PROBLEM STATEMENT: Of all the lines below, output only those starting at the one with "case=> _ _ no_cross;" and ending at the one with "rewrite (@eq_connect _", both ends included, exactly as written.

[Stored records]
+++

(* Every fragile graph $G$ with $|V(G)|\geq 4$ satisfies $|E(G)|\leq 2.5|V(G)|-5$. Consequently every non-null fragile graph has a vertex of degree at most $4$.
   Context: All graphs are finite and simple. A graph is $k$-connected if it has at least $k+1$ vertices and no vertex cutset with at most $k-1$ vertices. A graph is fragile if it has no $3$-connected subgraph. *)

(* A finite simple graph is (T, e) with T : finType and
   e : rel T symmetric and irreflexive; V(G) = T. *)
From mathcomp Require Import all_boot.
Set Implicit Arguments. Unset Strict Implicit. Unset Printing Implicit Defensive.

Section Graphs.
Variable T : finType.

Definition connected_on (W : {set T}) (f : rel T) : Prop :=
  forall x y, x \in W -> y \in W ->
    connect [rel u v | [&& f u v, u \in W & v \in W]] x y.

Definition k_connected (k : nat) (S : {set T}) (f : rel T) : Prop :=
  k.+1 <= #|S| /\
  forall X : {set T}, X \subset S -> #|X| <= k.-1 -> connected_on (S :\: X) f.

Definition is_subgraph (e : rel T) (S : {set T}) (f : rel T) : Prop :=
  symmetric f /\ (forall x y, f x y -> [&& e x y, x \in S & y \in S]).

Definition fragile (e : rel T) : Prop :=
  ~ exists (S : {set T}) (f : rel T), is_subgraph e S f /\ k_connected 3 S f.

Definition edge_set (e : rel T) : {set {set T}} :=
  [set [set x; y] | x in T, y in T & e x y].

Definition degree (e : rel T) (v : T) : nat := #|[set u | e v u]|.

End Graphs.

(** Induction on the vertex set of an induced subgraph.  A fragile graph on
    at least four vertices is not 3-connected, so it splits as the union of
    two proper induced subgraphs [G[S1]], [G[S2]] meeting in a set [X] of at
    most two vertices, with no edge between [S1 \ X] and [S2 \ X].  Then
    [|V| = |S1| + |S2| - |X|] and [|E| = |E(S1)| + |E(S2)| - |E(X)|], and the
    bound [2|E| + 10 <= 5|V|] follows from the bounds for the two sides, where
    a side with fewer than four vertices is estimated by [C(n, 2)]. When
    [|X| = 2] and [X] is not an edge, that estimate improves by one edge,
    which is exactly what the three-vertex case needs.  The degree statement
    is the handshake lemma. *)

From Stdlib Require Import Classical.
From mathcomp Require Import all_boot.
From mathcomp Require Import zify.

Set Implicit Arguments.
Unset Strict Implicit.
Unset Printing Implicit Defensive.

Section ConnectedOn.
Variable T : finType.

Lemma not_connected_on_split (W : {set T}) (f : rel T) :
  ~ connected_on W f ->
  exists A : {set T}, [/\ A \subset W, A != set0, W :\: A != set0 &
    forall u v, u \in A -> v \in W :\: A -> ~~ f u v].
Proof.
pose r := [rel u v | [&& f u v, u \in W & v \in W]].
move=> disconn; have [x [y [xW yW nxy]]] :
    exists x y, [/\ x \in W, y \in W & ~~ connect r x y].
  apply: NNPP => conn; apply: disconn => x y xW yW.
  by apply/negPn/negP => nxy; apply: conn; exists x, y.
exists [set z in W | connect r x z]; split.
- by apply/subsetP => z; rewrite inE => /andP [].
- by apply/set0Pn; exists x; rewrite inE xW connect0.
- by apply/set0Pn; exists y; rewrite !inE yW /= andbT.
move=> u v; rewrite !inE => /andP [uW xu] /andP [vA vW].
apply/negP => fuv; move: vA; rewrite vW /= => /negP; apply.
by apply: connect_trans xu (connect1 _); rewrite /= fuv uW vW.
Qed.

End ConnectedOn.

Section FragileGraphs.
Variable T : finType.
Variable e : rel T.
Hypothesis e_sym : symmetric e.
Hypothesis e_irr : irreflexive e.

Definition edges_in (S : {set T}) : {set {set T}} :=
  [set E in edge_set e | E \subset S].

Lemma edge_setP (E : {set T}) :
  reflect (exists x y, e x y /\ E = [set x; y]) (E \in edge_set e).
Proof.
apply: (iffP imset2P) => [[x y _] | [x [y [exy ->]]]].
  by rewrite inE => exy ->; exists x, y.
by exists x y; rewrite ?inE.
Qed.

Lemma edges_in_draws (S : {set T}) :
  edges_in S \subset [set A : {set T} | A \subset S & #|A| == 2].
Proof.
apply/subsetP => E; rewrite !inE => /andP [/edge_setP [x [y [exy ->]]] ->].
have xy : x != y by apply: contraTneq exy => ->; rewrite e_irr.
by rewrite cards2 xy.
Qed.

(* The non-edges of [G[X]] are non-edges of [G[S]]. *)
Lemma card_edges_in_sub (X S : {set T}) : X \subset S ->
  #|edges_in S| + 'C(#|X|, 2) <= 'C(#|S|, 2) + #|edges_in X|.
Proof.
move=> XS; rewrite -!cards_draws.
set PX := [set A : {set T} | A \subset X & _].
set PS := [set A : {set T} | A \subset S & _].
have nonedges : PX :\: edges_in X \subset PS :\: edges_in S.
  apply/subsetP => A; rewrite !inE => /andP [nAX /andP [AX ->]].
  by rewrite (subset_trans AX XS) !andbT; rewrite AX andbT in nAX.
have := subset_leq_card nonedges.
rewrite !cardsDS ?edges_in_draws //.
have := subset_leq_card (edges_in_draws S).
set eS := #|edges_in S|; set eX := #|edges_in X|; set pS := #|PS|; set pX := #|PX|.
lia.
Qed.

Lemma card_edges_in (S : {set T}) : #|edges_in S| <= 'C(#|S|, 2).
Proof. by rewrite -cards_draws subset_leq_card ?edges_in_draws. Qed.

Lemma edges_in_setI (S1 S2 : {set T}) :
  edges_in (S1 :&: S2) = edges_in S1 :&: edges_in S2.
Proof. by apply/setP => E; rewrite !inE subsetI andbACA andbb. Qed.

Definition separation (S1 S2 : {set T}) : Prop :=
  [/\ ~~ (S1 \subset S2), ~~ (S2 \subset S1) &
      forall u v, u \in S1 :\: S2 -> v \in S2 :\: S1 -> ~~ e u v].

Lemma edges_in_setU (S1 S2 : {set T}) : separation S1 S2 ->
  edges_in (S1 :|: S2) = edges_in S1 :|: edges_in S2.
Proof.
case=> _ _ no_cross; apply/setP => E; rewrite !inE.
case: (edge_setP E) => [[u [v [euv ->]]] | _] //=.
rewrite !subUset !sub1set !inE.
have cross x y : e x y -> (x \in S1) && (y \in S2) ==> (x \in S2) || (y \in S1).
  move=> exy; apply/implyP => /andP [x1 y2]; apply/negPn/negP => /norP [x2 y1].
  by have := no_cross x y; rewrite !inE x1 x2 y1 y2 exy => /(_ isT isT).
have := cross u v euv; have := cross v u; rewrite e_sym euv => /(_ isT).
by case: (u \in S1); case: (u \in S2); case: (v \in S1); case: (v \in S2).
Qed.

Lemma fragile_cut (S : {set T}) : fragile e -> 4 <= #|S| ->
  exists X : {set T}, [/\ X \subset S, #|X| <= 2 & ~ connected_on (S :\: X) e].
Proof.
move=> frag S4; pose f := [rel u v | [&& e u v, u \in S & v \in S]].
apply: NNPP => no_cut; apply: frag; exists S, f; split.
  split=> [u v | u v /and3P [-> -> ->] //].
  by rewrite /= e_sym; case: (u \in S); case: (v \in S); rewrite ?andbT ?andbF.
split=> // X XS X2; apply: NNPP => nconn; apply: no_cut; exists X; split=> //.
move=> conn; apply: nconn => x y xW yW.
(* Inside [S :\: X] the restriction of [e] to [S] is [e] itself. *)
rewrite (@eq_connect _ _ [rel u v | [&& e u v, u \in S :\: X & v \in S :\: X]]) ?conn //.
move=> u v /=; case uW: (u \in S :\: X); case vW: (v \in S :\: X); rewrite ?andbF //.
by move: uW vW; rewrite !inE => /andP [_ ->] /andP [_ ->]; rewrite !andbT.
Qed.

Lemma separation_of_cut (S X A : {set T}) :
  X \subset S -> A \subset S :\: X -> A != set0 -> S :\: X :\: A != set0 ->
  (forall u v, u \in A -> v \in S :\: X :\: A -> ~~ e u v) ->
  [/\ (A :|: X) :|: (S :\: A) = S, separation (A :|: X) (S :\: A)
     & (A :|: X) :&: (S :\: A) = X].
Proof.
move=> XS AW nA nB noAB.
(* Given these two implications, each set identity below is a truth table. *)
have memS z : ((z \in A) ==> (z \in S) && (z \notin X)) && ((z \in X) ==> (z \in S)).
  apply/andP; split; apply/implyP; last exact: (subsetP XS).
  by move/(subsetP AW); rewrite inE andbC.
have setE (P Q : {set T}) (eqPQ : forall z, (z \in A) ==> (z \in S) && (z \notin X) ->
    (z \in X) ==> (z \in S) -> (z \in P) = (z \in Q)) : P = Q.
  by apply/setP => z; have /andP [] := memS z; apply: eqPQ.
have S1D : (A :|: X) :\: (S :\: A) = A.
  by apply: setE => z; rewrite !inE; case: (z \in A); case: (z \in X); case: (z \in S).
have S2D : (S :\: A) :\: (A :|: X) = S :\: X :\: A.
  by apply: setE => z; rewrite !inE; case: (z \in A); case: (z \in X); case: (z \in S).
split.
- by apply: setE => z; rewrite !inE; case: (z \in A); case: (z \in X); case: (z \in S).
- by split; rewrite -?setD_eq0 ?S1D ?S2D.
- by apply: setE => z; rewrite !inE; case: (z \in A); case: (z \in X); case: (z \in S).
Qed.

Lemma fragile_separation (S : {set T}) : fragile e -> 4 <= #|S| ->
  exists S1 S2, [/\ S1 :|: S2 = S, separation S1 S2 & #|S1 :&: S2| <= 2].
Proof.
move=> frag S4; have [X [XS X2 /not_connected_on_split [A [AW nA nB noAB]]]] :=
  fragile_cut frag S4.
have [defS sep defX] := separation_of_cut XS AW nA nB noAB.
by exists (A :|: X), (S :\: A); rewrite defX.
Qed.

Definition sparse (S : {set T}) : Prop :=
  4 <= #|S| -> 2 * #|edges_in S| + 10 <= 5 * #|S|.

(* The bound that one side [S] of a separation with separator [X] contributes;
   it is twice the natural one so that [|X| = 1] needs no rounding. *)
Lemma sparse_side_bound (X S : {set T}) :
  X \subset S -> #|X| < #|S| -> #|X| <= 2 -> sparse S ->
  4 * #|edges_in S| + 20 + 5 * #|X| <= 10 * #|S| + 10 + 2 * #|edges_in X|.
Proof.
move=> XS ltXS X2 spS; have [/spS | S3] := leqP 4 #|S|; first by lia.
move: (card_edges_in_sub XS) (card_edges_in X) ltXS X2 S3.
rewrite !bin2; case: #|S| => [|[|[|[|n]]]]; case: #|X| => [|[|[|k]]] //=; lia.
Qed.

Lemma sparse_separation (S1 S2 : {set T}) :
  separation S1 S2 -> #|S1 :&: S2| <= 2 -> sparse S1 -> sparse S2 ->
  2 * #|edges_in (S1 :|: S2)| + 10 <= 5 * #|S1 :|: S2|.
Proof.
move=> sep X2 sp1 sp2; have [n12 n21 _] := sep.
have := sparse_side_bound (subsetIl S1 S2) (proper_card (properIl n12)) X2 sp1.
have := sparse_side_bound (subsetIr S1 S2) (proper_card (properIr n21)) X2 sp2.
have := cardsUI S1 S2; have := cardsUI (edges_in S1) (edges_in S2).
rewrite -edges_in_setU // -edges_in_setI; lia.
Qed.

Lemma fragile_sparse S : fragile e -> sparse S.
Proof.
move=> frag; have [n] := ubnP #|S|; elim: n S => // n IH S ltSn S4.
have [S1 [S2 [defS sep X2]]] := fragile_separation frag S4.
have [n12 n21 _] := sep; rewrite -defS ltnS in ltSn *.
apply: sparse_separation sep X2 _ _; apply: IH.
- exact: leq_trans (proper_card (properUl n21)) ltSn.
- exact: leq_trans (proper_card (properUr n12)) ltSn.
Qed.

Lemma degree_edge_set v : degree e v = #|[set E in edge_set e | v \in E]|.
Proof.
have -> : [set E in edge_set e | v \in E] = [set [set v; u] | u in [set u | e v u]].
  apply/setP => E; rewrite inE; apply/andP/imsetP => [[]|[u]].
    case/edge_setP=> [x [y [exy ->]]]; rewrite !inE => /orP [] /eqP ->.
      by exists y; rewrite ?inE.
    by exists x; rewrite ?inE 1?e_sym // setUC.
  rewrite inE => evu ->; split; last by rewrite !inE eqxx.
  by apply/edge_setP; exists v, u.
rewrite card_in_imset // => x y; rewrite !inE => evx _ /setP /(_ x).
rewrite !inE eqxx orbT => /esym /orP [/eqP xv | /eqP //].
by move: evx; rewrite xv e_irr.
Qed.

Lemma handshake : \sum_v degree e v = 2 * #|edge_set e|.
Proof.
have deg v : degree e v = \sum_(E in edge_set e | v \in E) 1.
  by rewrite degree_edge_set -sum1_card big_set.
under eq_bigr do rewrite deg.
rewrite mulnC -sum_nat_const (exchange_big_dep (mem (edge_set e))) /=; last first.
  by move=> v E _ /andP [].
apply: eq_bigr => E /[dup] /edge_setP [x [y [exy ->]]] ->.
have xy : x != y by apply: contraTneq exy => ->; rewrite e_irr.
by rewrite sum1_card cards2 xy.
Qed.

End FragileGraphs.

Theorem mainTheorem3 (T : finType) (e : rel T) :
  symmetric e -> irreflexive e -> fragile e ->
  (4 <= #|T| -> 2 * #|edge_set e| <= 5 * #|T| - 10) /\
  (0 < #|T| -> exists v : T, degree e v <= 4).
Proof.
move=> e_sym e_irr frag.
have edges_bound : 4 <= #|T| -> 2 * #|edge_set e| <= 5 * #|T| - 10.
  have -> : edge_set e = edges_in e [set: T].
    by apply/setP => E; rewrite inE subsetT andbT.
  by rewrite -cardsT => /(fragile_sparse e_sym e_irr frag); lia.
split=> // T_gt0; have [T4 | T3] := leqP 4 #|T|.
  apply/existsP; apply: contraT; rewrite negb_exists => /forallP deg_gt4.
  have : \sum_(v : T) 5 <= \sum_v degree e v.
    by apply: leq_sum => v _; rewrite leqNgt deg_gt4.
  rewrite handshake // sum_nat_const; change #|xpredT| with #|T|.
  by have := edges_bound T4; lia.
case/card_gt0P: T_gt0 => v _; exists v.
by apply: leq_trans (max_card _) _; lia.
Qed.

+++

ANSWER TO THE EXERCISE:
case=> _ _ no_cross; apply/setP => E; rewrite !inE.
case: (edge_setP E) => [[u [v [euv ->]]] | _] //=.
rewrite !subUset !sub1set !inE.
have cross x y : e x y -> (x \in S1) && (y \in S2) ==> (x \in S2) || (y \in S1).
  move=> exy; apply/implyP => /andP [x1 y2]; apply/negPn/negP => /norP [x2 y1].
  by have := no_cross x y; rewrite !inE x1 x2 y1 y2 exy => /(_ isT isT).
have := cross u v euv; have := cross v u; rewrite e_sym euv => /(_ isT).
by case: (u \in S1); case: (u \in S2); case: (v \in S1); case: (v \in S2).
Qed.

Lemma fragile_cut (S : {set T}) : fragile e -> 4 <= #|S| ->
  exists X : {set T}, [/\ X \subset S, #|X| <= 2 & ~ connected_on (S :\: X) e].
Proof.
move=> frag S4; pose f := [rel u v | [&& e u v, u \in S & v \in S]].
apply: NNPP => no_cut; apply: frag; exists S, f; split.
  split=> [u v | u v /and3P [-> -> ->] //].
  by rewrite /= e_sym; case: (u \in S); case: (v \in S); rewrite ?andbT ?andbF.
split=> // X XS X2; apply: NNPP => nconn; apply: no_cut; exists X; split=> //.
move=> conn; apply: nconn => x y xW yW.
(* Inside [S :\: X] the restriction of [e] to [S] is [e] itself. *)
rewrite (@eq_connect _ _ [rel u v | [&& e u v, u \in S :\: X & v \in S :\: X]]) ?conn //.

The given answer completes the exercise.